(What the task requires):
Lines holding the string "case" are the ones to copy; find them all in the data.

BEGIN Data to process

Lemma connect_share_in_closed C i j :
  (forall u v, u \in C -> share u v -> v \in C) -> i \in C ->
  connect share i j -> connect (share_in C) i j.
Proof.
move=> HC iC cij; apply/connect_closedP => A HA iA.
have jC : j \in C by move/connect_closedP: cij; apply.
have : j \in (A :&: C) :|: ~: C.
  move/connect_closedP: cij; apply; last by rewrite !inE iA iC.
  move=> u v; rewrite !inE => /orP[/andP[uA uC]|uC] huv.
  - have vC := HC _ _ uC huv; by rewrite vC (HA u v) // /share_in uC vC.
  - apply/orP; right; apply/negP => vC; move/negP: uC; apply; apply: HC vC _.
    by rewrite share_sym.
by rewrite !inE jC /= andbT orbF.
Qed.

Lemma connect_share_nil i j : f i = [::] -> connect share i j -> j = i.
Proof.
move=> fi /connect_closedP H; apply/set1P; apply: H; last by rewrite inE.
by move=> u v /set1P -> /shareP [x []]; rewrite fi.
Qed.

Lemma occurs_mem A i x : i \in A -> x \in f i -> occurs A x.
Proof. by move=> iA xi; apply/existsP; exists i; rewrite iA. Qed.

Lemma linked_occurs A x y : linked A x y -> occurs A x && occurs A y.
Proof.
case/existsP=> i /existsP [j] /and5P[iA jA xi yj _].
by rewrite (occurs_mem iA xi) (occurs_mem jA yj).
Qed.

Lemma linked_refl A x : occurs A x -> linked A x x.
Proof.
case/existsP=> i /andP[iA xi]; apply/existsP; exists i; apply/existsP; exists i.
by rewrite iA xi connect0.
Qed.

Lemma linked_sym A x y : linked A x y -> linked A y x.
Proof.
case/existsP=> i /existsP [j] /and5P[iA jA xi yj cij].
apply/existsP; exists j; apply/existsP; exists i.
by rewrite iA jA xi yj share_in_connect_sym.
Qed.

Lemma linked_trans A x y z : linked A x y -> linked A y z -> linked A x z.
Proof.
case/existsP=> i /existsP [j] /and5P[iA jA xi yj cij].
case/existsP=> j' /existsP [k] /and5P[j'A kA yj' zk cjk].
apply/existsP; exists i; apply/existsP; exists k; rewrite iA kA xi zk /=.
apply: connect_trans cij (connect_trans _ cjk); apply: connect1.
by rewrite /share_in jA j'A; apply/shareP; exists y.
Qed.
(* |a|_omega >= |b|_omega *)
Definition absge (a b : Kw) : Prop := b = 0 \/ (a != 0 /\ wv a <= wv b).

(* log_{q_omega} ||v||_omega for v <> 0 *)
Definition lnorm (v : Kw * Kw) : int :=
  if v.1 == 0 then - wv v.2 else if v.2 == 0 then - wv v.1
  else - Order.min (wv v.1) (wv v.2).

Definition norm_is_pow (v : Kw * Kw) (n : int) : Prop := v <> (0, 0) /\ lnorm v = n.

Definition sphere1 (v : Kw * Kw) : Prop := norm_is_pow v 0.

Definition vbar (pi : Kw) (v : Kw * Kw) : Kw * Kw :=
  (pi ^ (lnorm v) * v.1, pi ^ (lnorm v) * v.2).

Definition inO (x : Kw) : Prop := x = 0 \/ 0 <= wv x.

Definition open1 (U : Kw -> Prop) : Prop :=
  forall x, U x -> exists k, forall y, close wv k x y -> U y.
Definition open2 (U : Kw * Kw -> Prop) : Prop :=
  forall x, U x -> exists k, forall y, close wv k x.1 y.1 -> close wv k x.2 y.2 -> U y.
End Norms.

Definition is_sigma_algebra (T : Type) (S : (T -> Prop) -> Prop) : Prop :=
  [/\ S (fun _ => True),
      forall A, S A -> S (fun x => ~ A x)
    & forall A : nat -> T -> Prop, (forall n, S (A n)) -> S (fun x => exists n, A n x)].

Definition borel (T : Type) (op : (T -> Prop) -> Prop) (A : T -> Prop) : Prop :=
  forall S, is_sigma_algebra S -> (forall U, op U -> S U) -> S A.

END Data to process

(Answer to the problem):
case/existsP=> i /existsP [j] /and5P[iA jA xi yj _].
case/existsP=> i /andP[iA xi]; apply/existsP; exists i; apply/existsP; exists i.
case/existsP=> i /existsP [j] /and5P[iA jA xi yj cij].
case/existsP=> i /existsP [j] /and5P[iA jA xi yj cij].
case/existsP=> j' /existsP [k] /and5P[j'A kA yj' zk cjk].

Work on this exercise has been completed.